TASK INPUT Start Marker
Lemma members_hitting_count (Z X1 : {fset T}) : fdisjoint K Z -> #|` Z| = (b - k).+1 ->
  A X1 -> ~~ fdisjoint X1 Z -> hitting Z #= `I_(l.+1).
Proof.
move=> KZ Zn AX1 X1Z; have Yb := core_nsubset KZ Zn.
have [X2 [AX2 X2Z]] := infinite_setN0 (infinite_setD Ainf (members_hitting_finite KZ)).
have -> : hitting Z = [set X | A X /\ gadj k X (K0 `|` Z)].
  by apply/seteqP; split => X [AX XZ]; split => //; apply/(core_adj AX KZ).
apply: (flower_adj_count Yb AX1 _ AX2); first exact/(core_adj AX1 KZ).
by move/(core_adj AX2 KZ) => X2Z'; apply: X2Z.
Qed.

Lemma core_card_fsetD X : A X -> #|` X `\` K| = (a - #|` K|)%N.
Proof. by move=> AX; rewrite cardfsDS ?AK // (Aa AX). Qed.

Lemma core_lt : (#|` K| < a)%N.
Proof.
rewrite ltnNge; apply/negP => aK; apply/Ainf/(sub_finite_set _ (finite_set1 K)) => X AX.
have KX := AK AX; apply/esym/eqP.
by rewrite -(fsubset_leqif_cards KX) eqn_leq fsubset_leq_card // (Aa AX).
Qed.

Lemma exists_outside_core X : A X -> exists2 x, x \in X & x \notin K.
Proof.
move=> AX; have /fset0Pn[x /fsetDP[]] : X `\` K != fset0.
  by rewrite -cardfs_gt0 core_card_fsetD // subn_gt0 core_lt.
by exists x.
Qed.

Lemma exists_far_point (M : set {fset T}) : finite_set M ->
  exists x, [/\ x \notin K, thru x !=set0 & forall X, thru x X -> ~ M X].
Proof.
move=> Mfin; pose F := bigcup M (fun X => [set` X]).
have Ffin : finite_set F by apply: bigcup_finite.
pose N := bigcup (F `\` [set` K])%classic thru.
have Nfin : finite_set N.
  by apply: bigcup_finite => [|w [_ /negP]]; [exact: finite_setD|exact: members_thru_finite].
have [X2 [AX2 X2N]] := infinite_setN0 (infinite_setD Ainf Nfin).
have [x xX2 xK] := exists_outside_core AX2.
exists x; split => //; first by exists X2.
by move=> X [AX xX] MX; apply: X2N; exists x => //; split; [exists X|apply/negP].
Qed.

Lemma members_thru_pair_count p q (W : {fset T}) : p \notin K -> q \notin K -> p != q ->
  thru p !=set0 -> thru q !=set0 -> fdisjoint K W -> #|` W| = (b - k).-1 ->
  (forall X, thru p X \/ thru q X -> fdisjoint X W) ->
  (#|` fset_set (thru p) `|` fset_set (thru q)| + #|` fset_set (hitting W)|)%N = l.+1.
Proof.
move=> pK qK pq [Xp thru_p] [Xq thru_q] KW Wn far.
have pW : p \notin W by move/fdisjointP: (far Xp (or_introl thru_p)); apply; case: thru_p.
have qW : q \notin W by move/fdisjointP: (far Xq (or_intror thru_q)); apply; case: thru_q.
have KZ : fdisjoint K (p |` (q |` W)) by rewrite !fdisjointXU !fdisjointX1 pK qK KW.
have Zn : #|` p |` (q |` W)| = (b - k).+1.
  by rewrite !cardfsU1 in_fset1U negb_or pq pW qW Wn /= !add1n prednK // subn_gt0.
have Xp_hit : ~~ fdisjoint Xp (p |` (q |` W)).
  by rewrite fdisjointXU fdisjointX1 negb_and negbK thru_p.2.
have := members_hitting_count KZ Zn thru_p.1 Xp_hit.
rewrite !members_hitting_fsetU1 setUA => /card_fset_set <-.
have fW := members_hitting_finite KW.
have [fp fq] := (members_thru_finite pK, members_thru_finite qK).
have fpq : finite_set (thru p `|` thru q)%classic by rewrite finite_setU.
rewrite (fset_setU fpq fW) (fset_setU fp fq) [RHS]cardfsU.
suff -> : (fset_set (thru p) `|` fset_set (thru q)) `&` fset_set (hitting W) = fset0.
  by rewrite cardfs0 subn0.
apply/fsetP => X; rewrite in_fsetI in_fsetU (in_fset_set fp) (in_fset_set fq).
rewrite (in_fset_set fW) in_fset0; apply/negP => /andP[pqX /set_mem[_]].
by rewrite far //; case/orP: pqX => /set_mem; [left|right].
Qed.

(* If [#|K| < a.-1], take [q] outside [K] lying in the fewest members, [p != q] in a common
   member, and [e] lying in no member through [p] or [q]. Counting the members hitting
   [p |` (q |` W)] and [p |` (e |` W)] for a far [W] gives
   [#|thru p `|` thru q| = #|thru p `|` thru e|], which [card_fsetU_lt] forbids. *)
Lemma core_card : #|` K| = a.-1.
Proof.
suff : ~ (#|` K| < a.-1)%N by have := core_lt; lia.
move=> Ksmall; pose deg x := #|` fset_set (thru x)|.
have degP : exists n, `[< exists x, [/\ x \notin K, thru x !=set0 & deg x = n] >].
  have [X0 AX0] := infinite_setN0 Ainf; have [x xX0 xK] := exists_outside_core AX0.
  by exists (deg x); apply/asboolP; exists x; split => //; exists X0.
case: (ex_minnP degP) => _ /asboolP[q [qK [X1 [AX1 qX1]] <-]] deg_min.
have [p /fsetDP[pX1 pK] pq] : exists2 p, p \in X1 `\` K & p != q.
  have /fset0Pn[p /fsetD1P[pq pX1K]] : (X1 `\` K) `\ q != fset0.
    by rewrite -cardfs_gt0; move: (cardfsD1 q (X1 `\` K)); rewrite core_card_fsetD //; lia.
  by exists p.
have [fp fq] := (members_thru_finite pK, members_thru_finite qK).
have [e [eK [X2 thru_e] far_e]] : exists e, [/\ e \notin K, thru e !=set0 &
    forall X, thru e X -> ~ (thru p `|` thru q)%classic X].
  by apply: exists_far_point; rewrite finite_setU.
have fe := members_thru_finite eK.
have pe : p != e by apply/eqP => pe; apply: (far_e X1); [rewrite -pe|left].
have fpqe : finite_set (thru p `|` thru q `|` thru e)%classic by rewrite !finite_setU.
have [W [KW Wn] far_W] := fresh_fset_disjoint Tinf (b - k).-1 K fpqe.
have thru_p : thru p !=set0 by exists X1.
have far_pq X : thru p X \/ thru q X -> fdisjoint X W by move=> pqX; apply: far_W; left.
have far_pe X : thru p X \/ thru e X -> fdisjoint X W.
  by case=> [pX|eX]; apply: far_W; [left; left|right].
have thru_q : thru q !=set0 by exists X1.
have Cpq := members_thru_pair_count pK qK pq thru_p thru_q KW Wn far_pq.
have Cpe := members_thru_pair_count pK eK pe thru_p (ex_intro _ X2 thru_e) KW Wn far_pe.
have pq_meet : fset_set (thru p) `&` fset_set (thru q) != fset0.
  apply/fset0Pn; exists X1.
  by rewrite in_fsetI (in_fset_set fp) (in_fset_set fq); apply/andP; split; apply/mem_set.
have pe_disj : fset_set (thru p) `&` fset_set (thru e) = fset0.
  apply/fsetP => X; rewrite in_fsetI (in_fset_set fp) (in_fset_set fe) in_fset0.
  by apply/negP => /andP[/set_mem pX /set_mem eX]; apply: (far_e X eX); left.
have deg_qe : (deg q <= deg e)%N.
  by apply: deg_min; apply/asboolP; exists e; split => //; exists X2.
have := card_fsetU_lt pq_meet pe_disj deg_qe.
by move/eqP: Cpq; rewrite -Cpe eqn_add2r => /eqP ->; rewrite ltnn.
Qed.

Section CardCore.
Hypothesis Ka : #|` K| = a.-1.

Let starP X : centred_star a K X <-> exists2 x, x \notin K & X = x |` K.
Proof. by apply: centred_starP => //; have := core_lt; lia. Qed.

Let memberP X : A X -> exists2 x, x \notin K & X = x |` K.
Proof. by move=> AX; apply/starP; split; [exact: Aa|exact: AK]. Qed.

Lemma members_hitting_card_eq (Z : {fset T}) : fdisjoint K Z ->
  hitting Z #= [set x | x \in Z /\ A (x |` K)].
Proof.
move=> KZ; suff -> : hitting Z = image [set x | x \in Z /\ A (x |` K)] (fun x => x |` K).
  apply: inj_card_eq => x y /set_mem[xZ _] _; apply: fsetU1_injl.
  by move/fdisjointP_sym: KZ; apply.
apply/seteqP; split => [X [AX]|_ [x [xZ AxK] <-]].
  have [x xK XE] := memberP AX; subst X.
  by rewrite fdisjointU1X KZ andbT negbK => xZ; exists x.
by split => //; rewrite fdisjointU1X negb_and xZ.
Qed.

Lemma members_hitting_petals_card (Z P : {fset T}) :
  fdisjoint K Z -> #|` Z| = (b - k).+1 -> P `<=` Z -> P != fset0 ->
  (forall x, x \in Z -> A (x |` K) <-> x \in P) -> #|` P| = l.+1.
Proof.
move=> KZ Zn PZ /fset0Pn[v vP] ZP; have vZ := fsubsetP PZ v vP.
have AvK : A (v |` K) by apply/(ZP v vZ).
have vZhit : ~~ fdisjoint (v |` K) Z by rewrite fdisjointU1X negb_and vZ.
have hitZ := members_hitting_count KZ Zn AvK vZhit.
have SP : [set x | x \in Z /\ A (x |` K)] = [set` P].
  apply/seteqP; split => [x [xZ /(ZP x xZ)] //|x xP].
  by split; [exact: (fsubsetP PZ)|apply/(ZP x (fsubsetP PZ x xP))].
have := card_eq_trans (card_esym hitZ) (members_hitting_card_eq KZ).
by rewrite SP card_eq_sym => /card_eq_fsetP.
Qed.

Lemma flower_petals : exists2 V : {fset T}, #|` V| = (b - k).+1 &
  forall v, v \in V -> v \notin K /\ A (v |` K).
Proof.
pose petal := [set x | x \notin K /\ A (x |` K)].
suff /(infinite_set_fset_card (b - k).+1)[V Vpetal Vn] : infinite_set petal by exists V.
apply: contra_not Ainf => petal_fin.
apply: (sub_finite_set _ (finite_image (fun x => x |` K) petal_fin)).
by move=> X /[dup] AX /memberP[x xK XE]; exists x => //; split; rewrite // -XE.
Qed.

Lemma flower_l_eq : l = (b - k)%N.
Proof.
have [V Vn Vpetal] := flower_petals.
have KV : fdisjoint K V by apply/fdisjointP_sym => v /Vpetal[].
have V0 : V != fset0 by rewrite -cardfs_gt0 Vn.
apply/eqP; rewrite -eqSS -Vn; apply/eqP/esym/(members_hitting_petals_card KV Vn) => //.
by move=> x xV; split => // _; case: (Vpetal x xV).
Qed.

Lemma flower_centred_star : A = centred_star a K.
Proof.
apply/seteqP; split => [X AX|_ /starP[x xK ->]]; first by split; [exact: Aa|exact: AK].
apply: contrapT => AxK; have [V Vn Vpetal] := flower_petals.
have /fset0Pn[v0 v0V] : V != fset0 by rewrite -cardfs_gt0 Vn.
pose V' := V `\ v0; have V'V : V' `<=` V := fsubD1set V v0.
have xV' : x \notin V' by apply/negP => /(fsubsetP V'V)/Vpetal[].
have V'n : #|` V'| = (b - k)%N by move: Vn; rewrite (cardfsD1 v0) v0V => -[].
have V'0 : V' != fset0 by rewrite -cardfs_gt0 V'n subn_gt0.
have KZ : fdisjoint K (x |` V').
  by rewrite fdisjointXU fdisjointX1 xK; apply/fdisjointP_sym => v /(fsubsetP V'V)/Vpetal[].
have Zn : #|` x |` V'| = (b - k).+1 by rewrite cardfsU1 xV' V'n.
have ZP y : y \in x |` V' -> A (y |` K) <-> y \in V'.
  rewrite in_fset1U => /orP[/eqP ->|yV']; first by split => [/AxK|x_V'] //; rewrite x_V' in xV'.
  by split => // _; case: (Vpetal y (fsubsetP V'V y yV')).
have := members_hitting_petals_card KZ Zn (fsubsetU1 x V') V'0 ZP.
by rewrite V'n flower_l_eq => /n_Sn.
Qed.

End CardCore.
End Core.
End FlowerIsCentredStar.

Lemma flower_is_regular_star (T : choiceType) (k a b l : nat) (A : set {fset T}) :
  infinite_set [set: T] -> (0 < k)%N -> (k < b)%N ->
  is_flower (@nsubset T a) (@nsubset T b) (@gadj T k) l A ->
  regular_star a A /\ l = (b - k)%N.
Proof.
move=> Tinf k_gt0 kb [Aa [Ainf [F1 [_ F3]]]].
have [K [kK AK Kmin]] := flower_core Tinf kb Ainf F1 F3.
have [K0 K0K K0k] := exists_fsubset_card (leq_trans (leq_pred k) kK).
have Ka := core_card Tinf kb Ainf F1 k_gt0 Aa AK Kmin K0K K0k.
have l_eq := flower_l_eq Tinf kb Ainf F1 k_gt0 Aa AK Kmin K0K K0k Ka.
have A_eq := flower_centred_star Tinf kb Ainf F1 k_gt0 Aa AK Kmin K0K K0k Ka.
by split => //; exists K.
Qed.

Lemma regular_star_is_flower (T : choiceType) (k a b : nat) (A : set {fset T}) :
  infinite_set [set: T] -> (0 < k)%N -> (k < a)%N -> (k < b)%N -> regular_star a A ->
  is_flower (@nsubset T a) (@nsubset T b) (@gadj T k) (b - k) A.
Proof. by move=> Tinf k_gt0 ka kb [S [Sa ->]]; exact: centred_star_flower. Qed.

Lemma gadj_sym (T : choiceType) k : (fun Y X => @gadj T k X Y) = @gadj T k.
Proof. by apply/funext => Y; apply/funext => X; rewrite /gadj fsetIC. Qed.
TASK INPUT End Marker
**PROBLEM TO SOLVE**
Every line from the first through the one containing "have [X2 [AX2 X2Z]]" in the listing above must be given again exactly, with nothing else alongside.

**TASK ANSWER**
Lemma members_hitting_count (Z X1 : {fset T}) : fdisjoint K Z -> #|` Z| = (b - k).+1 ->
  A X1 -> ~~ fdisjoint X1 Z -> hitting Z #= `I_(l.+1).
Proof.
move=> KZ Zn AX1 X1Z; have Yb := core_nsubset KZ Zn.
have [X2 [AX2 X2Z]] := infinite_setN0 (infinite_setD Ainf (members_hitting_finite KZ)).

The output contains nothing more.